Try it online! Unfortunately testing for two sets of matched brackets exceeds the golfiness of a single .NET regex, so it saves 15 bytes to check manually. Edit: Saved 3 4 bytes thanks to @H.PWiz. Explanation:

0`"
<$%">

Find a " and make two copies of the line, one with a < and one with a >. Do this one " at a time, so that each " doubles the number of lines.

}0`'
{$%"}

Similarly with ', { and }. Then, keep replacing until all "s and 's on all copies have been replaced.

.+
$&_$&

Make a duplicate of the brackets, separated by a _.

+m`^_|(<>|{})(?=.*_)

In the duplicate, repeatedly delete matched brackets, until none are left, in which case delete the _ as well.

A`_

Delete all lines that still have a _.

Retina, 74 71 70 bytes

0`"
<$%">
}0`'
{$%"}
Lm`^(.(?<=(?=\3)(<.*>|{.*}))(?<-3>)|(.))+(?(3)_)$

Try it online! Explanation: The first two stages are as above. The third stage directly prints the result of matching two sets of matched brackets.
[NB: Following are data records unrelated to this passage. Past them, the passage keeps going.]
(* Let $\lambda>0$, $\gamma>0$, $\beta\ge 0$. Let $X$ be the Banach space of bounded analytic functions $h:[0,\lambda]\to\mathbb{R}$ with the supremum norm, $K=\{h\in X: h\ge 0,\ \|h\|_\infty\le 1\}$, and for $h\in K$ let $\Psi_h=1+\beta h$, $$D_h=\gamma\left(1+\gamma\int_0^\lambda\frac{\exp\left(-2\int_0^x\frac{\xi}{\Psi_h(\xi)}d\xi\right)}{\Psi_h(x)}\,dx\right)^{-1},$$ and define the operator $\tau:K\to X$ by $$(\tau h)(\eta)=D_h\left(\frac1\gamma+\int_0^\eta\frac{\exp\left(-2\int_0^x\frac{\xi}{\Psi_h(\xi)}d\xi\right)}{\Psi_h(x)}\,dx\right),\quad 0<\eta<\lambda.$$ Let $y\in K$. Then $y$ is a solution of \begin{align*} &[(1+\beta y(\eta))y'(\eta)]'+2\eta y'(\eta)=0, \quad 0<\eta<\lambda,\\ &y'(0)+\beta y(0)y'(0)-\gamma y(0)=0,\\ &y(\lambda)=1, \end{align*} if and only if $y$ is a fixed point of $\tau$. *)

From Stdlib Require Import Reals.
From Coquelicot Require Import Coquelicot.
Open Scope R_scope.

Definition analytic_on_closed (lam : R) (h : R -> R) : Prop :=
  forall x0, 0 <= x0 <= lam ->
    exists (a : nat -> R) (r : R), 0 < r /\
      forall x, Rabs (x - x0) < r -> is_pseries a (x - x0) (h x).

Definition in_X (lam : R) (h : R -> R) : Prop :=
  analytic_on_closed lam h /\
  exists M, forall x, 0 <= x <= lam -> Rabs (h x) <= M.

Definition in_K (lam : R) (h : R -> R) : Prop :=
  in_X lam h /\ forall x, 0 <= x <= lam -> 0 <= h x <= 1.

Definition Psi (beta : R) (h : R -> R) (x : R) : R := 1 + beta * h x.

Definition integrand (beta : R) (h : R -> R) (x : R) : R :=
  exp (-2 * RInt (fun xi => xi / Psi beta h xi) 0 x) / Psi beta h x.

Definition D_h (lam gamma beta : R) (h : R -> R) : R :=
  gamma / (1 + gamma * RInt (integrand beta h) 0 lam).

Definition tau (lam gamma beta : R) (h : R -> R) (eta : R) : R :=
  D_h lam gamma beta h * (1 / gamma + RInt (integrand beta h) 0 eta).

Definition is_solution (lam gamma beta : R) (y : R -> R) : Prop :=
  (forall eta, 0 < eta < lam ->
     ex_derive y eta /\
     ex_derive (fun x => (1 + beta * y x) * Derive y x) eta /\
     Derive (fun x => (1 + beta * y x) * Derive y x) eta
       + 2 * eta * Derive y eta = 0) /\
  (ex_derive y 0 /\
   Derive y 0 + beta * y 0 * Derive y 0 - gamma * y 0 = 0) /\
  y lam = 1.

(* y is a fixed point of tau (equality as elements of X, i.e. on [0, lam]). *)
Definition is_fixed_point (lam gamma beta : R) (y : R -> R) : Prop :=
  forall eta, 0 <= eta <= lam -> y eta = tau lam gamma beta y eta.

From Stdlib Require Import Reals Lra.
From Coquelicot Require Import Coquelicot.
Open Scope R_scope.

(* With Psi = 1 + beta y, the equation says that the flux Psi y' has logarithmic
   derivative -2 eta / Psi, so exp (2 G) Psi y' is constant, G being the primitive of
   xi / Psi vanishing at 0.  Hence the solutions of the equation on (0, lam) are exactly
   the functions A + B F, with F the primitive of the integrand of tau vanishing at 0.
   The Robin condition at 0 forces B = gamma A and y lam = 1 forces
   A (1 + gamma F lam) = 1, i.e. A = D_h / gamma and B = D_h: this is y = tau y.
   Analyticity on the closed interval only serves to make y differentiable, and Psi
   positive, on an open interval around [0, lam], so that F and G are differentiable
   up to the endpoints. *)

Lemma CV_radius_gt_of_ex_pseries (a : nat -> R) (r : R) :
  (forall z, Rabs z < r -> ex_pseries a z) ->
  forall z, Rabs z < r -> Rbar_lt (Rabs z) (CV_radius a).
Proof.
  intros Hcv z Hz.
  assert (Hr0 := CV_radius_ge_0 a).
  destruct (CV_radius a) as [c| |] eqn:Ec; simpl in *; try easy.
  destruct (Rlt_le_dec (Rabs z) c) as [Hlt|Hle]; [exact Hlt|exfalso].
  (* a point strictly between the radius and [r] where the series still converges *)
  set (w := (c + r) / 2).
  assert (Hw : Rabs w = w) by (apply Rabs_pos_eq; unfold w; lra).
  apply (CV_disk_outside a w).
  - rewrite Ec, Hw; simpl; unfold w; lra.
  - apply ex_series_lim_0.
    destruct (Hcv w ltac:(rewrite Hw; unfold w; lra)) as [l Hl].
    exists l; eapply is_series_ext; [|exact Hl].
    intros n; rewrite pow_n_pow; apply Rmult_comm.
Qed.

Lemma analytic_on_closed_locally_ex_derive (lam : R) (h : R -> R) :
  analytic_on_closed lam h -> forall x0, 0 <= x0 <= lam -> locally x0 (ex_derive h).
Proof.
  intros Han x0 Hx0.
  destruct (Han x0 Hx0) as (a & r & Hr & Hs).
  assert (Heq : forall x, x0 - r < x < x0 + r -> PSeries a (x - x0) = h x).
  { intros x Hx; apply is_pseries_unique, Hs, Rabs_def1; lra. }
  apply (locally_interval _ x0 (x0 - r) (x0 + r)); simpl; try lra.
  intros x Hl Hu.
  apply (ex_derive_ext_loc (fun t => PSeries a (t - x0))).
  - apply (locally_interval _ x (x0 - r) (x0 + r)); simpl; try lra.
    intros t Htl Htu; apply Heq; lra.
  - apply (ex_derive_comp (PSeries a) (fun t => t - x0)); [|auto_derive; auto].
    apply ex_derive_PSeries, (CV_radius_gt_of_ex_pseries a r).
    + intros z Hz; exists (h (z + x0)).
      assert (Hz' := Hs (z + x0)); replace (z + x0 - x0) with z in Hz' by ring.
      now apply Hz'.
    + apply Rabs_def1; lra.
Qed.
This uses .NET's balancing groups. At each stage in the match, the regex tries to match a character, then look back for a pair of matching brackets, then check that the top of the stack matches the open bracket. If it can do this, it means that the bracket balances, and the open bracket gets popped from the stack. Otherwise, the assumption is that we're at an open bracket that needs to be pushed to the stack. If these assumptions don't hold then the stack will not be empty at the end and the match will fail.
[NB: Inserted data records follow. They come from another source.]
(* Let $\mathcal L$ be a finite distributive lattice of rank $r$, let $0\le i\le j\le r$, and let $\mathcal L_{i,j}=\{p\in\mathcal L: i\le\operatorname{rank}p\le j\}$. Then there exist a poset ideal $\mathcal I$ and a poset coideal $\mathcal J$ of $\mathcal L$ such that $H_{\mathcal L_{i,j}}=H_{\mathcal I\cap\mathcal J}=H_{\mathcal I}\cap H_{\mathcal J}$.
   Context: A finite distributive lattice is graded: all maximal chains have the same length $r$ (its rank), and $\operatorname{rank}p$ denotes the rank function value of $p$ ($0$ at the minimum, increasing by $1$ along cover relations). Let $P$ be the set of join-irreducible elements of $\mathcal L$ (elements with exactly one lower neighbor); for $p\in\mathcal L$ put $\ell(p)=\{q\in P:q\le p\}$. Let $K$ be a field, $S=K[x_p,y_p:p\in P]$, $u_q=\prod_{p\in\ell(q)}x_p\prod_{p\in P\setminus\ell(q)}y_p$, and for $\mathcal S\subseteq\mathcal L$ let $H_{\mathcal S}=(u_q:q\in\mathcal S)$. Poset ideals are closed downward, poset coideals upward. *)

From HB Require Import structures.
From mathcomp Require Import all_boot all_order all_algebra.
From mathcomp Require Import mpoly.
Set Implicit Arguments. Unset Strict Implicit. Unset Printing Implicit Defensive.
Import Order.TTheory GRing.Theory.
Local Open Scope order_scope.

Section Lattice.
Context {disp : Order.disp_t} {T : finTBDistrLatticeType disp}.

Definition covers (x y : T) : bool :=
  (x < y) && [forall z : T, ~~ ((x < z) && (z < y))].

Definition chain_of_length (n : nat) (p : T) : bool :=
  [exists s : n.-tuple T, path covers \bot (val s) && (last \bot (val s) == p)].

(* rank p: length of a (maximal) saturated chain from \bot to p; since a finite
   distributive lattice is graded, all such chains have the same length, and we
   take the maximum, which exists since chain lengths are < #|T| *)
Definition rank (p : T) : nat :=
  \max_(n < #|T| | chain_of_length n p) n.

Definition join_irr (p : T) : bool := #|[set q : T | covers q p]| == 1%N.

Definition poset_ideal (I : {set T}) : Prop :=
  forall p q : T, q <= p -> p \in I -> q \in I.
Definition poset_coideal (J : {set T}) : Prop :=
  forall p q : T, p <= q -> p \in J -> q \in J.

Definition rank_slice (i j : nat) : {set T} :=
  [set p : T | (i <= rank p)%N && (rank p <= j)%N].
End Lattice.

Notation JI T := {p : T | join_irr p}.
(* the variables: (true, p) ~ x_p and (false, p) ~ y_p *)
Notation Var T := (bool * JI T)%type.
Notation Sring K T := {mpoly K[#|{: Var T}|]}.

Section Ideals.
Context {disp : Order.disp_t} {T : finTBDistrLatticeType disp} (K : fieldType).

Definition xvar (p : JI T) : Sring K T := 'X_(enum_rank ((true, p) : Var T)).
Definition yvar (p : JI T) : Sring K T := 'X_(enum_rank ((false, p) : Var T)).

Definition umon (q : T) : Sring K T :=
  (\prod_(p : JI T) (if (val p <= q)%O then xvar p else yvar p))%R.

Definition inH (Sset : {set T}) (f : Sring K T) : Prop :=
  exists g : T -> Sring K T, f = (\sum_(q in Sset) g q * umon q)%R.
End Ideals.

From HB Require Import structures.
From mathcomp Require Import all_boot all_order all_algebra.
From mathcomp Require Import mpoly.
From mathcomp Require Import zify.
Set Implicit Arguments. Unset Strict Implicit. Unset Printing Implicit Defensive.
Import Order.TTheory GRing.Theory.

(* Take I = {rank <= j} and J = {rank >= i}, so that I :&: J = L_{i,j}.  The
   ideals H_S are monomial, and u_s divides lcm(u_p, u_q) whenever
   p `&` q <= s <= p `|` q: a join-irreducible a is join-prime, so (a <= s)
   agrees with (a <= p) or with (a <= q).  For p in I and q in J such an s can
   be found in L_{i,j}: take p or q if possible, and otherwise
   rank p < i <= j < rank q, so a saturated chain from p to p `|` q, along
   which the rank goes up by exactly one at each step, meets rank i. *)

Section Rank.
Local Open Scope order_scope.
Context {disp : Order.disp_t} {T : finTBDistrLatticeType disp}.
Implicit Types (x y z a b c p q s : T).

Lemma coversP x y :
  reflect (x < y /\ forall z, ~~ ((x < z) && (z < y))) (covers x y).
Proof. by apply: (iffP andP) => -[xy /forallP]; split. Qed.

Lemma covers_lt x y : covers x y -> x < y.
Proof. by case/andP. Qed.

Lemma chain_of_lengthP n p :
  reflect (exists s : seq T, [/\ size s = n, path covers \bot s & last \bot s = p])
          (chain_of_length n p).
Proof.
apply: (iffP existsP) => [[s /andP[sP /eqP <-]] | [s [<- sP <-]]].
  by exists (val s); rewrite size_tuple.
by exists (in_tuple s); rewrite /= sP eqxx.
Qed.

Lemma path_covers_le_last x t : path covers x t -> x <= last x t.
Proof.
elim: t x => [|z t IH] x /=; first by rewrite lexx.
by case/andP => /covers_lt/ltW xz /IH; apply: le_trans.
Qed.

Lemma size_path_covers x t : path covers x t -> (size t < #|T|)%N.
Proof.
move=> xt; have: sorted <%O (x :: t) by apply: sub_path xt => u v /covers_lt.
move/lt_sorted_uniq/card_uniqP => card_xt.
by have := max_card (mem (x :: t)); rewrite card_xt.
Qed.

Lemma chain_of_length_leq_rank n p : chain_of_length n p -> (n <= rank p)%N.
Proof.
move=> np; have n_lt : (n < #|T|)%N.
  by case/chain_of_lengthP: np => s [<- sP _]; exact: size_path_covers sP.
exact: (@leq_bigmax_cond _ (fun k : 'I_#|T| => chain_of_length k p)
          (fun k => nat_of_ord k) (Ordinal n_lt)).
Qed.

Lemma exists_covers_ge x y : x < y -> exists2 z, x <= z & covers z y.
Proof.
have [n] := ubnP #|[set w | (x <= w) && (w < y)]|.
elim: n x => // n IH x size_lt xy.
have [xy_cov|] := boolP (covers x y); first by exists x.
rewrite /covers xy negb_forall => /existsP[z]; rewrite negbK => /andP[xz zy].
have smaller : (#|[set w | (z <= w)%O && (w < y)%O]| < n)%N.
  rewrite ltnS in size_lt; apply: leq_trans _ size_lt; apply: proper_card.
  apply/properP; split; last by exists x; rewrite !inE ?lexx ?xy ?(lt_geF xz).
  by apply/subsetP => w; rewrite !inE => /andP[/(le_trans (ltW xz)) -> ->].
have [z' zz' z'y] := IH z smaller zy.
by exists z'; first exact: le_trans (ltW xz) zz'.
Qed.

Lemma saturated_chain x y :
  x <= y -> exists t : seq T, path covers x t /\ last x t = y.
Proof.
have [n] := ubnP #|[set w | w < y]|.
elim: n y => // n IH y size_lt xy.
have [<-|x_neq_y] := eqVneq x y; first by exists [::].
have [z xz zy] : exists2 z, x <= z & covers z y.
  by apply: exists_covers_ge; rewrite lt_neqAle x_neq_y.
have smaller : (#|[set w | (w < z)%O]| < n)%N.
  rewrite ltnS in size_lt; apply: leq_trans _ size_lt; apply: proper_card.
  apply/properP; split; last by exists z; rewrite !inE ?ltxx ?(covers_lt zy).
  by apply/subsetP => w; rewrite !inE => /lt_trans; apply; exact: covers_lt zy.
have [t [xt t_last]] := IH z smaller xz.
by exists (rcons t y); rewrite rcons_path xt t_last zy last_rcons.
Qed.

Lemma rank_chain p : chain_of_length (rank p) p.
Proof.
have [t [bot_t <-]] := saturated_chain (le0x p).
have t_chain : chain_of_length (size t) (last \bot t).
  by apply/chain_of_lengthP; exists t.
have nonempty : (0 < #|[pred k : 'I_#|T| | chain_of_length k (last \bot t)]|)%N.
  by apply/card_gt0P; exists (Ordinal (size_path_covers bot_t)).
by have [k kP e] := eq_bigmax_cond (fun k => nat_of_ord k) nonempty; rewrite /rank e.
Qed.

Lemma rank_covers_gt x y : covers x y -> (rank x < rank y)%N.
Proof.
move=> xy; case/chain_of_lengthP: (rank_chain x) => s [s_size sP s_last].
apply: chain_of_length_leq_rank; apply/chain_of_lengthP; exists (rcons s y).
by rewrite size_rcons s_size rcons_path sP s_last xy last_rcons.
Qed.

Lemma le_rank x y : x <= y -> (rank x <= rank y)%N.
Proof.
move=> xy; case/chain_of_lengthP: (rank_chain x) => s [s_size sP s_last].
have [t [xt t_last]] := saturated_chain xy.
have st_chain : chain_of_length (size (s ++ t)) y.
  by apply/chain_of_lengthP; exists (s ++ t); rewrite cat_path last_cat s_last sP xt.
rewrite -s_size; apply: leq_trans (chain_of_length_leq_rank st_chain).
by rewrite size_cat leq_addr.
Qed.

(* The diamond property: a `&` c < z < a would force c < z `|` c < b, since
   z `|` c = c gives z <= a `&` c and z `|` c = b gives z = a `&` (z `|` c) = a. *)
Lemma covers_meet a b c : covers a b -> covers c b -> a != c -> covers (a `&` c) a.
Proof.
move=> ab cb a_neq_c; apply/coversP; split.
  rewrite lt_neqAle leIl andbT; apply/negP => /eqP/meet_idPl ac.
  have a_lt_c : a < c by rewrite lt_neqAle a_neq_c.
  by case/coversP: ab => _ /(_ c); rewrite a_lt_c (covers_lt cb).
move=> z; apply/negP => /andP[ac_z za].
have zb : z < b := lt_trans za (covers_lt ab).
have c_zc : c <= z `|` c by rewrite leUr.
have zc_b : z `|` c <= b by rewrite leUx (ltW zb) (ltW (covers_lt cb)).
case/coversP: cb => _ /(_ (z `|` c)).
rewrite !lt_neqAle c_zc zc_b !andbT.
have [c_eq|c_neq] := eqVneq c (z `|` c); last first.
  have [zc_eq|//] := eqVneq (z `|` c) b.
  have : a `&` (z `|` c) = z.
    by rewrite meetUr (meet_r (ltW za)); apply/join_idPl; rewrite ltW.
  by rewrite zc_eq (meet_l (ltW (covers_lt ab))) => z_eq; rewrite z_eq ltxx in za.
have z_le : z <= a `&` c by rewrite lexI ltW //= c_eq leUl.
by have := lt_le_trans ac_z z_le; rewrite ltxx.
Qed.

Lemma rank_covers x y : covers x y -> rank y = (rank x).+1.
Proof.
suff rank_le a b : covers a b -> (rank b <= (rank a).+1)%N.
  by move=> xy; apply/eqP; rewrite eqn_leq rank_le //= rank_covers_gt.
have [n] := ubnP (rank b).
elim: n a b => // n IH a b rank_lt ab.
case/chain_of_lengthP: (rank_chain b) => s [].
case/lastP: s => [<- //|s b'].
rewrite size_rcons rcons_path last_rcons => s_size /andP[sP cb] b_eq; subst b'.
set c := last \bot s in cb.
have c_rank : (size s <= rank c)%N.
  by apply: chain_of_length_leq_rank; apply/chain_of_lengthP; exists s.
have c_lt_b := rank_covers_gt cb.
have [->|a_neq_c] := eqVneq a c; first by lia.
have c_meet : covers (a `&` c) c.
  by rewrite meetC; apply: covers_meet cb ab _; rewrite eq_sym.
have := IH _ _ _ c_meet; have := rank_covers_gt (covers_meet ab cb a_neq_c); lia.
Qed.

Lemma exists_rank_between x y k : x <= y -> (rank x <= k <= rank y)%N ->
  exists2 s, x <= s <= y & rank s = k.
Proof.
move=> /saturated_chain[t [+ <-]].
elim: t x => [|z t IH] x /=.
  by move=> _ /andP[xk kx]; exists x; rewrite ?lexx //; apply/eqP; rewrite eqn_leq xk.
case/andP => xz zt /andP[xk kt].
have x_le_z := ltW (covers_lt xz).
have [<-|x_neq_k] := eqVneq (rank x) k.
  by exists x; rewrite // lexx (le_trans x_le_z (path_covers_le_last zt)).
have rank_z := rank_covers xz.
have [|s /andP[zs st] <-] := IH z zt; first by apply/andP; split; lia.
by exists s; rewrite ?st ?(le_trans x_le_z zs).
Qed.

Lemma join_irr_le_join a p q : join_irr a -> a <= p `|` q -> (a <= p) || (a <= q).
Proof.
move=> a_ji a_pq; apply/negPn/negP; rewrite negb_or => /andP[a_p a_q].
have ap_lt : a `&` p < a.
  by rewrite lt_neqAle leIl andbT; apply: contra a_p => /eqP/meet_idPl.
have aq_lt : a `&` q < a.
  by rewrite lt_neqAle leIl andbT; apply: contra a_q => /eqP/meet_idPl.
have [z1 apz1 z1a] := exists_covers_ge ap_lt.
have [z2 aqz2 z2a] := exists_covers_ge aq_lt.
case/cards1P: a_ji => c lower_a.
have : z1 \in [set w | covers w a] by rewrite inE.
have : z2 \in [set w | covers w a] by rewrite inE.
rewrite lower_a !inE => /eqP z2c /eqP z1c.
have : a <= z1 by rewrite -{1}(meet_l a_pq) meetUr leUx apz1 z1c -z2c aqz2.
by move/(lt_le_trans (covers_lt z1a)); rewrite ltxx.
Qed.

Lemma join_irr_le_between a p q s : join_irr a -> p `&` q <= s <= p `|` q ->
  ((a <= s) == (a <= p)) || ((a <= s) == (a <= q)).
Proof.
move=> a_ji /andP[pq_s s_pq]; have [a_s|a_s] := boolP (a <= s).
  by case/orP: (join_irr_le_join a_ji (le_trans a_s s_pq)) => ->; rewrite ?orbT.
have : ~~ (a <= p `&` q) by apply: contra a_s => /le_trans; apply.
by rewrite lexI negb_and => /orP[] /negPf ->; rewrite ?orbT.
Qed.

Lemma rank_slice_between i j p q :
  (i <= j)%N -> (rank p <= j)%N -> (i <= rank q)%N ->
  exists2 s, s \in rank_slice i j & p `&` q <= s <= p `|` q.
Proof.
move=> ij pj iq.
have [ip|pi] := leqP i (rank p).
  by exists p; rewrite ?inE ?ip ?pj ?leIl ?leUl.
have [qj|jq] := leqP (rank q) j.
  by exists q; rewrite ?inE ?iq ?qj ?leIr ?leUr.
have q_pq : (rank q <= rank (p `|` q))%N by apply: le_rank; rewrite leUr.
have [|s /andP[ps s_pq] si] := exists_rank_between (k := i) (leUl p q).
  by apply/andP; split; lia.
by exists s; rewrite ?inE ?si ?leqnn ?ij ?s_pq ?(le_trans (leIl p q) ps).
Qed.

End Rank.

Section MonomialIdeals.
Local Open Scope ring_scope.
Context {disp : Order.disp_t} {T : finTBDistrLatticeType disp} (K : fieldType).
Local Notation n := #|{: Var T}|.

Definition umon_exp (q : T) : 'X_{1..n} :=
  (\big[+%MM/0%MM]_(p : JI T) U_(enum_rank (((val p <= q)%O, p) : Var T)))%MM.

Lemma umonE q : umon K q = 'X_[umon_exp q].
Proof.
rewrite /umon /umon_exp -mprodXE; apply: eq_bigr => p _.
by rewrite /xvar /yvar; case: ifP.
Qed.

Lemma umon_expE q b (a : JI T) :
  umon_exp q (enum_rank ((b, a) : Var T)) = (b == (val a <= q)%O) :> nat.
Proof.
rewrite /umon_exp mnm_sumE (bigD1 a) //= big1 => [|p p_neq_a].
  by rewrite mnm1E (inj_eq enum_rank_inj) xpair_eqE eqxx andbT addn0 eq_sym.
by rewrite mnm1E (inj_eq enum_rank_inj) xpair_eqE (negPf p_neq_a) andbF.
Qed.

Lemma inHP (S : {set T}) (f : Sring K T) :
  inH S f <-> forall m, m \in msupp f -> exists2 q, q \in S & (umon_exp q <= m)%MM.
Proof.
split=> [[g ->] m /msupp_sum_le/flattenP[_ /mapP[q] + ->]|f_supp].
  rewrite mem_filter umonE (perm_mem (msuppMX _ _)) => /andP[qS _] /mapP[m' _ ->].
  by exists q => //; exact: lem_addr.
pose pick_q m := [pick q in S | (umon_exp q <= m)%MM].
exists (fun q => \sum_(m <- msupp f)
  if pick_q m == Some q then f@_m *: 'X_[m - umon_exp q] else 0).
rewrite {1}[f]mpolyE.
under [RHS]eq_bigr do rewrite umonE mulr_suml.
rewrite exchange_big /=; apply: eq_big_seq => m fm.
have [q [pick_m qS qm]] :
    exists q, [/\ pick_q m = Some q, q \in S & (umon_exp q <= m)%MM].
  rewrite /pick_q; case: pickP => [q /andP[qS qm]|none]; first by exists q.
  by have [q qS qm] := f_supp m fm; move: (none q); rewrite qS qm.
rewrite (bigD1 q) //= big1 => [|q' /andP[_ q'_neq_q]].
  by rewrite pick_m eqxx -scalerAl -mpolyXD submK // addr0.
by rewrite pick_m (inj_eq (@Some_inj _)) eq_sym (negPf q'_neq_q) mul0r.
Qed.

Lemma inH_subset (A B : {set T}) (f : Sring K T) :
  A \subset B -> inH A f -> inH B f.
Proof.
move=> AB /inHP fA; apply/inHP => m /fA[q qA qm].
by exists q; first exact: subsetP qA.
Qed.

Lemma umon_exp_le_between (p q s : T) (m : 'X_{1..n}) :
  (p `&` q <= s <= p `|` q)%O ->
  (umon_exp p <= m)%MM -> (umon_exp q <= m)%MM -> (umon_exp s <= m)%MM.
Proof.
move=> s_between pm qm; apply/mnm_lepP => k; rewrite -(enum_valK k).
case: (enum_val k) => b a.
have := mnm_lepP pm (enum_rank ((b, a) : Var T)).
have := mnm_lepP qm (enum_rank ((b, a) : Var T)).
rewrite !umon_expE.
by case/orP: (join_irr_le_between (valP a) s_between) => /eqP ->.
Qed.

Lemma inH_between (A B C : {set T}) (f : Sring K T) :
  (forall p q, p \in A -> q \in B ->
     exists2 s, s \in C & (p `&` q <= s <= p `|` q)%O) ->
  inH A f -> inH B f -> inH C f.
Proof.
move=> between /inHP fA /inHP fB; apply/inHP => m fm.
have [p pA pm] := fA m fm; have [q qB qm] := fB m fm.
have [s sC s_between] := between p q pA qB.
by exists s; last exact: umon_exp_le_between s_between pm qm.
Qed.

End MonomialIdeals.

Theorem lemma3p13 (disp : Order.disp_t) (T : finTBDistrLatticeType disp)
  (K : fieldType) (i j : nat) :
  (i <= j)%N -> (j <= rank (\top : T)%O)%N ->
  exists (I J : {set T}),
    poset_ideal I /\ poset_coideal J /\
    (forall f : Sring K T,
       (inH (rank_slice i j) f <-> inH (I :&: J) f) /\
       (inH (I :&: J) f <-> (inH I f /\ inH J f))).
Proof.
move=> ij _.
exists [set p : T | (rank p <= j)%N], [set p : T | (i <= rank p)%N].
have -> : [set p : T | (rank p <= j)%N] :&: [set p | (i <= rank p)%N] = rank_slice i j.
  by apply/setP => p; rewrite !inE andbC.
split; [|split].
- by move=> p q qp; rewrite !inE; apply: leq_trans; exact: le_rank.
- by move=> p q pq; rewrite !inE => /leq_trans; apply; exact: le_rank.
move=> f; split=> //; split.
  by move=> f_slice; split; apply: inH_subset f_slice; apply/subsetP => p;
    rewrite !inE => /andP[].
case=> fI fJ; apply: inH_between fI fJ => p q; rewrite !inE.
exact: rank_slice_between.
Qed.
Alternative approach, also 74 71 bytes:

Lm`^((?=(<.*>|{.*})(?<=(.))).|\3(?<-3>))+(?(3)_)$

Here, we look ahead for either <...> or {...}, then look behind to push the closing bracket on to the stack. Otherwise, we need to match and pop the closing bracket that we captured earlier. In this version the regex might not even make it to the end of the string, but some strings such as <<<> would slip through the net if we didn't check for an empty stack.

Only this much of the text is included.